* There is a wide disconnect between the current market's focus on short-term influences and the long-term and worrisome trends in pension obligations, spiraling debt, the wealth/income gap and the Fed's ability to extricate itself from its large balance sheet.
"I'd say get it while you can, yeah
Honey, get it while you can, yeah
Hey hey, get it while you can
Don't you turn your back on love, no, no
Don't you know when you're loving anybody, baby
You're taking a gamble on a little sorrow
But then who cares, baby
'Cause we may not be here tomorrow, no."
--Janis Joplin, "Get It While You Can"
We live in a not-so-brave world in which time frames have been increasingly compressed, owing in part to the impact of technology on human behavior. It is as if almost everyone these days has ADHD, or attention-deficit hyperactivity disorder.
This short-term behavior permeates our society as physical human interaction is diminished in a world of Twitter, Instagram and Snapchat.
Even politics is subverted to the short term. For example, politicians are elected and almost the next day they have begun to campaign and raise money for their next election. Another example of the short-term orientation and subversion of longer-term thinking is seen in President Trump's impulsive, possibly dangerous and seat-of-the-pants tweeting, which is now being "normalized," as an expression of delivering policy that in the past has been conducted in a far more contemplative way. Or even in Anthony Weiner's sexting!
Nowhere is the compression of time frames more apparent than in the investment business, where it seems that everyone has become a day trader.
As it is said, market opinions are like noses -- everyone has one!
The business media spend most of their time asking the talking heads questions that are likely to be responded to without much rigor because it's easier looking at a price chart or monitoring "unusual call activity" in making short-term trading decisions than employing fundamental analysis that is time-consumptive and laborious. Among the usual questions:
* Where are interest rates going by year-end?
* What is the next 50-handle move in the S&P Index?
* How will XYZ Co.'s shares respond to this afternoon's earnings report?
* What is the next move in the U.S. dollar, the price of oil, in soybeans or in the emerging market space?
The limited discussion and consideration of intermediate to longer-term prospects -- such as whether we are pulling investment returns forward -- may be a technologically influenced event or may be the desire, as Janis Joplin reminded us all, of "getting it while we can." Or it might be the byproduct of the continuing eight-year bull market in which dips are ever bought.
Regardless, current prices always must be measured and judged not only by the next near-term variable (such as interest rates, earnings and the price of oil), but also by the assessment of the intermediate to longer term.
And it is the longer term that to me and to some others is where the greatest concerns lie for investors today.
These longer-term concerns seem to have been ignored by most market participants and by the machines, algorithms and ETFs, which have been fueled by large inflows that have translated into the virtuous market cycle I recently wrote about in "Active vs. Passive Conflict, and Why All Dips Are Bought."
Stated simply, passive investing is agnostic to long-term fundamentals such as private market value and secular earnings growth projections. One can spend weeks discussing these profound headwinds and challenges, and I will follow up on them in the time ahead by expanding on my non short-term concerns. However, here are the four leading issues as seen in my eyes with a big, big assist from my friend, Outside the Box's rigorous John Mauldin (links to his thoughts on the first two issues):
* Uncle Sam's Unfunded Promises: The Trump administration's tax plan is not a plan. It is a melange of ideas put forth without precision or arithmetic. Any possible supply-side benefits of the tax proposal must be weighed against the dampening impact of future deficits on economic growth.

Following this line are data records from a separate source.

Lemma norm_rot1 : bloch_poly (rot1 n v) 1 = sqr_norm n * bloch_poly v 1.
Proof. by rewrite sqr_normE; case: v => * /=; ring. Qed.

Lemma loc_a_rot1 : loc_a (rot1 n v) = half_turn n *m loc_a v.
Proof.
apply/matrixP => i k; case: (ord3P i) => ->;
  by rewrite mulmx3E /half_turn !mxE !big_ord1 !mxE sqr_normE /=; case: v => * /=; ring.
Qed.

Lemma loc_b_rot1 : loc_b (rot1 n v) = sqr_norm n *: loc_b v.
Proof.
apply/matrixP => i k; case: (ord3P i) => ->;
  by rewrite !mxE sqr_normE /=; case: v => * /=; ring.
Qed.

Lemma corr_rot1 : corr (rot1 n v) = half_turn n *m corr v.
Proof.
apply/matrixP => i j; case: (ord3P i) => ->; case: (ord3P j) => ->;
  by rewrite mulmx3E /half_turn !mxE !big_ord1 !mxE sqr_normE /=; case: v => * /=; ring.
Qed.

End HalfTurn.

End BlochIdentities.

Section Divergence.
Variable R : realType.
Local Open Scope classical_set_scope.
Implicit Types (S : set R) (x h a c B : R).

Lemma Dchi2E x h : -1 < h < 1 -> Dchi2 x h = (x - h) ^+ 2 / (1 - h ^+ 2).
Proof.
move=> hh; rewrite /Dchi2 hh.
have h1 : h + 1 != 0 by apply/eqP; lra.
have h2 : 1 - h != 0 by apply/eqP; lra.
have -> : 1 - h ^+ 2 = (1 - h) * (h + 1) by ring.
by field; rewrite h1 h2.
Qed.

Lemma Dchi2_le x h B : 0 <= B ->
  (-1 < h < 1 -> (x - h) ^+ 2 / (1 - h ^+ 2) <= B) -> Dchi2 x h <= B.
Proof.
move=> B0 hB; case: (boolP (-1 < h < 1)) => hh; first by rewrite Dchi2E // hB.
by rewrite /Dchi2 (negbTE hh).
Qed.

Lemma Dchi2xx x : Dchi2 x x = 0.
Proof.
case: (boolP (-1 < x < 1)) => hx; last by rewrite /Dchi2 (negbTE hx).
by rewrite Dchi2E // subrr expr0n mul0r.
Qed.

Definition midpoint S := (sup S + inf S) / 2.

Lemma midpoint_sym S a : S !=set0 -> has_ubound S -> has_lbound S ->
  (forall y, S y -> S (2 * a - y)) -> midpoint S = a.
Proof.
move=> S0 ubS lbS Ssym.
have h1 : sup S <= 2 * a - inf S.
  by apply: ge_sup => // y /Ssym Sy; have := ge_inf lbS Sy; lra.
have h2 : 2 * a - sup S <= inf S.
  by apply: lb_le_inf => // y /Ssym Sy; have := ub_le_sup ubS Sy; lra.
rewrite /midpoint; lra.
Qed.

Section MidpointTerms.
Variables (S : set R) (x : R).
Hypotheses (Sx : S x) (S_bounded : forall y, S y -> -1 <= y <= 1).

Let S_ub : has_ubound S. Proof. by exists 1 => y /S_bounded /andP[]. Qed.
Let S_lb : has_lbound S. Proof. by exists (-1) => y /S_bounded /andP[]. Qed.

Lemma Dchi2_midpoint_sym a B : (forall y, S y -> S (2 * a - y)) -> 0 <= B ->
  (-1 < a < 1 -> (x - a) ^+ 2 / (1 - a ^+ 2) <= B) -> Dchi2 x (midpoint S) <= B.
Proof.
by move=> Ssym B0 hB; rewrite (midpoint_sym (a := a)) //; [exact: Dchi2_le | exists x].
Qed.

Lemma Dchi2_midpoint_single : (forall y, S y -> y = x) -> Dchi2 x (midpoint S) = 0.
Proof.
move=> S1; rewrite (midpoint_sym (a := x)) ?Dchi2xx //; first by exists x.
by move=> y /S1 ->; rewrite (_ : 2 * x - x = x) //; ring.
Qed.

Lemma Dchi2_midpoint_pair c B : (forall y, S y -> y = x \/ y = c) -> 0 <= B ->
  (S c -> -1 < (x + c) / 2 < 1 -> ((x - c) / 2) ^+ 2 / (1 - ((x + c) / 2) ^+ 2) <= B) ->
  Dchi2 x (midpoint S) <= B.
Proof.
move=> S2 B0 hB; case: (pselect (S c)) => Sc; last first.
  rewrite Dchi2_midpoint_single // => y Sy.
  by case: (S2 _ Sy) => // yc; rewrite yc in Sy.
apply: (Dchi2_midpoint_sym (a := (x + c) / 2)) => //.
  by move=> y /S2 [->|->]; [rewrite (_ : _ - x = c) | rewrite (_ : _ - c = x)] => //; field.
by move=> ha; rewrite (_ : x - _ = (x - c) / 2); [exact: hB | field].
Qed.
Lemma pivot_label_eq sd m (s1 s2 : 'S_m.+1) :
  pivot_label sd s1 = pivot_label sd s2 ->
  pivot sd s1 = pivot sd s2 /\ s1 (pivot sd s1) = s2 (pivot sd s2).
Proof. by case: sd => /= E; split; rewrite ?permKV. Qed.

Definition pivot_split sd m (s : 'S_m.+1) : 'I_m.+1 * 'S_m :=
  (pivot_label sd s, perm_delete s (pivot sd s)).

Lemma pivot_split_bij sd m : bijective (@pivot_split sd m).
Proof.
apply: inj_card_bij; last by rewrite card_prod !card_Sn card_ord factS.
move=> s1 s2 [/pivot_label_eq [Ep Es] Ed].
by rewrite -(perm_deleteK s1 (pivot sd s1)) Es Ed Ep perm_deleteK.
Qed.

Lemma card_preim_snd (T U V : finType) (h : T -> U * V) (P : pred V) :
  bijective h -> #|[set x | P (h x).2]| = #|U| * #|[set y | P y]|.
Proof.
case=> h' hK h'K; rewrite -(card_imset _ (can_inj hK)) -cardsT -cardsX.
apply: eq_card => -[u v]; rewrite !inE /=.
apply/imsetP/idP => [[x]|Pv]; first by rewrite inE => Px /(congr1 snd) /= ->.
by exists (h' (u, v)); rewrite ?inE h'K.
Qed.

Theorem corollary2 (C : forall n, 'S_n -> Prop) (HC : perm_class C)
    (sd : side) (n : nat) :
  n > 0 ->
  num_of_size (Av_ext C sd) n = n * num_of_size C n.-1.
Proof.
case: n => // m _; rewrite /num_of_size /=.
have := card_preim_snd (fun u => `[< C m u >]) (pivot_split_bij sd m).
rewrite card_ord => <-; apply: eq_card => s; rewrite !inE.
exact: asbool_equiv_eq (Av_ext_delete HC sd s).
Qed.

* The Screwflation of the Middle Class: A longstanding concern of mine, the continued income and wealth gap and the likely continued failure of "trickle-down economics," holds important and adverse social, political and economic ramifications.

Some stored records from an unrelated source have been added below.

(* Consider a two-player matrix game between a player $\mathrm{SV}$ (the group of surrounding vehicles) and a player $\mathrm{EV}$ (the ego vehicle). Player $\mathrm{SV}$ has exactly two actions $\pi_{\mathrm{SV}}^1$ (``Assert'') and $\pi_{\mathrm{SV}}^2$ (``Yield''); player $\mathrm{EV}$ has finitely many actions $\pi_{\mathrm{EV}}^1,\dots,\pi_{\mathrm{EV}}^{M_{\mathrm{EV}}}$. For each $i\in\{1,2\}$ and $m\in\{1,\dots,M_{\mathrm{EV}}\}$ let $J_{\mathrm{SV}}^{im}$ and $J_{\mathrm{EV}}^{im}$ be real numbers (the costs of $\mathrm{SV}$ and $\mathrm{EV}$ under the action tuple $(\pi_{\mathrm{SV}}^i,\pi_{\mathrm{EV}}^m)$). Let $b(\pi_{\mathrm{SV}}^1), b(\pi_{\mathrm{SV}}^2)\in[0,1]$ with $b(\pi_{\mathrm{SV}}^1)+b(\pi_{\mathrm{SV}}^2)=1$, and define the modified cost of $\mathrm{SV}$ by $\bar J_{\mathrm{SV}}^{im}:=(1-b(\pi_{\mathrm{SV}}^i))J_{\mathrm{SV}}^{im}$; the cost of $\mathrm{EV}$ is $J_{\mathrm{EV}}^{im}$. Assume that the inequalities $0\le J_{\mathrm{SV}}^{1m}\le J_{\mathrm{SV}}^{2m}$ and $J_{\mathrm{EV}}^{1m}\ge J_{\mathrm{EV}}^{2m}\ge 0$ hold for all $m\in\{1,\dots,M_{\mathrm{EV}}\}$ (for all feasible action tuples). If for some $p\in\{1,\dots,M_{\mathrm{EV}}\}$ the action tuple $(\pi_{\mathrm{SV}}^2,\pi_{\mathrm{EV}}^p)$ is a pure-strategy Nash equilibrium, then it is also a Stackelberg equilibrium with $\mathrm{EV}$ as the leader (and $\mathrm{SV}$ as the follower).
   Context: An action tuple is called feasible if the corresponding simulated multi-vehicle trajectories are collision-free; it is assumed that at least one feasible action tuple exists. A pure-strategy Nash equilibrium is an action tuple from which no player can lower its own cost (modified cost $\bar J_{\mathrm{SV}}$ for $\mathrm{SV}$, $J_{\mathrm{EV}}$ for $\mathrm{EV}$) by unilaterally changing its action. A Stackelberg equilibrium with leader $\mathrm{L}$ and follower $\mathrm{F}$ is a pair $\{\pi_{\mathrm{L}}^*,\pi_{\mathrm{F}}^*(\cdot)\}$ such that $\pi_{\mathrm{F}}^*(\pi_{\mathrm{L}})\in\arg\min_{\pi_{\mathrm{F}}}J_{\mathrm{F}}(\pi_{\mathrm{L}},\pi_{\mathrm{F}})$ for every leader action $\pi_{\mathrm{L}}$ and $\pi_{\mathrm{L}}^*\in\arg\min_{\pi_{\mathrm{L}}}J_{\mathrm{L}}(\pi_{\mathrm{L}},\pi_{\mathrm{F}}^*(\pi_{\mathrm{L}}))$; here the leader is $\mathrm{EV}$ with cost $J_{\mathrm{EV}}$ and the follower is $\mathrm{SV}$ with cost $\bar J_{\mathrm{SV}}$, and the action tuple is $(\pi_{\mathrm{F}}^*(\pi_{\mathrm{L}}^* ),\pi_{\mathrm{L}}^* )$. The number $b(\pi_{\mathrm{SV}}^i)$ is the belief that the surrounding vehicles take action $\pi_{\mathrm{SV}}^i$. *)

From mathcomp Require Import all_boot all_order all_algebra.
Set Implicit Arguments. Unset Strict Implicit. Unset Printing Implicit Defensive.
Import Order.TTheory GRing.Theory Num.Theory.
Local Open Scope ring_scope.

Definition Assert : 'I_2 := ord0.
Definition Yield  : 'I_2 := ord_max.

Definition modified_cost (R : pzRingType) (M : nat) (b : 'I_2 -> R)
  (JSV : 'I_2 -> 'I_M -> R) : 'I_2 -> 'I_M -> R :=
  fun i m => (1 - b i) * JSV i m.

Definition pure_Nash (R : numDomainType) (M : nat)
  (JSV' JEV : 'I_2 -> 'I_M -> R) (i : 'I_2) (m : 'I_M) : Prop :=
  (forall i', JSV' i m <= JSV' i' m) /\ (forall m', JEV i m <= JEV i m').

Definition Stackelberg_pair (R : numDomainType) (M : nat)
  (JSV' JEV : 'I_2 -> 'I_M -> R) (piL : 'I_M) (piF : 'I_M -> 'I_2) : Prop :=
  (forall mL i', JSV' (piF mL) mL <= JSV' i' mL) /\
  (forall mL, JEV (piF piL) piL <= JEV (piF mL) mL).

Definition Stackelberg_tuple (R : numDomainType) (M : nat)
  (JSV' JEV : 'I_2 -> 'I_M -> R) (i : 'I_2) (m : 'I_M) : Prop :=
  exists piF : 'I_M -> 'I_2, Stackelberg_pair JSV' JEV m piF /\ piF m = i.

From mathcomp Require Import all_boot all_order all_algebra.
Import Order.TTheory GRing.Theory Num.Theory.
Set Implicit Arguments. Unset Strict Implicit.
Local Open Scope ring_scope.

(* Let SV follow by best response, breaking ties in favour of Yield.  The Nash
   condition says Yield is a best response to p, so this follower answers p
   with Yield, and that EV's cost at (Yield, p) is at most its cost at
   (Yield, m) for every m.  Since EV never pays more against Yield than against
   Assert, the latter is at most its cost at (best response to m, m): leading
   with p is optimal.  Only the inequality JEV Yield <= JEV Assert is used. *)

Lemma ord2P (i : 'I_2) : i = Assert \/ i = Yield.
Proof. by case: i => [[|[|//]] ?]; [left | right]; apply: val_inj. Qed.

Section BestResponse.

Variables (R : realDomainType) (M : nat) (C : 'I_2 -> 'I_M -> R).

Definition best_response (m : 'I_M) : 'I_2 :=
  if C Yield m <= C Assert m then Yield else Assert.

Lemma best_response_min m i : C (best_response m) m <= C i m.
Proof.
rewrite /best_response; case: ifPn => [YA | /negbTE AY].
  by case: (ord2P i) => ->.
have AY' : C Assert m <= C Yield m by rewrite ltW // ltNge AY.
by case: (ord2P i) => ->.
Qed.

Lemma best_response_Yield m : C Yield m <= C Assert m -> best_response m = Yield.
Proof. by rewrite /best_response => ->. Qed.

End BestResponse.

Lemma Nash_Yield_Stackelberg (R : realDomainType) (M : nat)
  (JSV' JEV : 'I_2 -> 'I_M -> R) (p : 'I_M) :
  (forall m, JEV Yield m <= JEV Assert m) ->
  pure_Nash JSV' JEV Yield p -> Stackelberg_tuple JSV' JEV Yield p.
Proof.
move=> JEV_YA [SV_opt EV_opt].
have brp : best_response JSV' p = Yield by apply/best_response_Yield/SV_opt.
exists (best_response JSV'); split=> //; split; first exact: best_response_min.
move=> m; rewrite brp; apply: le_trans (EV_opt m) _.
by rewrite /best_response; case: ifP.
Qed.

Theorem proposition2 (R : realFieldType) (M : nat)
  (JSV JEV : 'I_2 -> 'I_M -> R) (b : 'I_2 -> R)
  (hb0 : forall i, 0 <= b i) (hb1 : forall i, b i <= 1)
  (hbsum : b Assert + b Yield = 1)
  (hSV : forall m, 0 <= JSV Assert m /\ JSV Assert m <= JSV Yield m)
  (hEV : forall m, JEV Assert m >= JEV Yield m /\ JEV Yield m >= 0)
  (p : 'I_M)
  (hNE : pure_Nash (modified_cost b JSV) JEV Yield p) :
  Stackelberg_tuple (modified_cost b JSV) JEV Yield p.
Proof.
apply: Nash_Yield_Stackelberg hNE => m.
exact: (proj1 (hEV m)).
Qed.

* The Fed's Role and Its Effect on the Markets The bullish cabal is taking an incredible leap of faith that the Fed's tightening cycle is going to be without hiccup and essentially have been brainwashed by not just the Fed but by the actions of all central banks in believing that every slip-up will be fully rectified. The central banks believe they have cured the diseases called "bear market" and recession and convinced us that we are in a new paradigm. I would argue that this is likely a big mistake, as evidenced by the numerous policy boners by the Fed in the last one to two decades.
"A bull market is like sex. It feels best just before it ends."
We live in a world of instant gratification.
Basing investments on short-term influences and worshiping at the altar of price momentum can be profitable, but it obscures our attention from long-term trends, many of which are potentially quite adverse.
The long term can be seen as a collection of short terms; the long term is little discussed as the investment debate principally is governed by questions regarding near-term market and price movements, in which market participants try to "get it while they can."
There is a wide disconnect between the current market's high valuations and focus on short-term influences and the long-term and worrisome trends in pension obligations, spiraling debt, the wealth/income gap and the Fed's ability to extricate itself from its large balance sheet.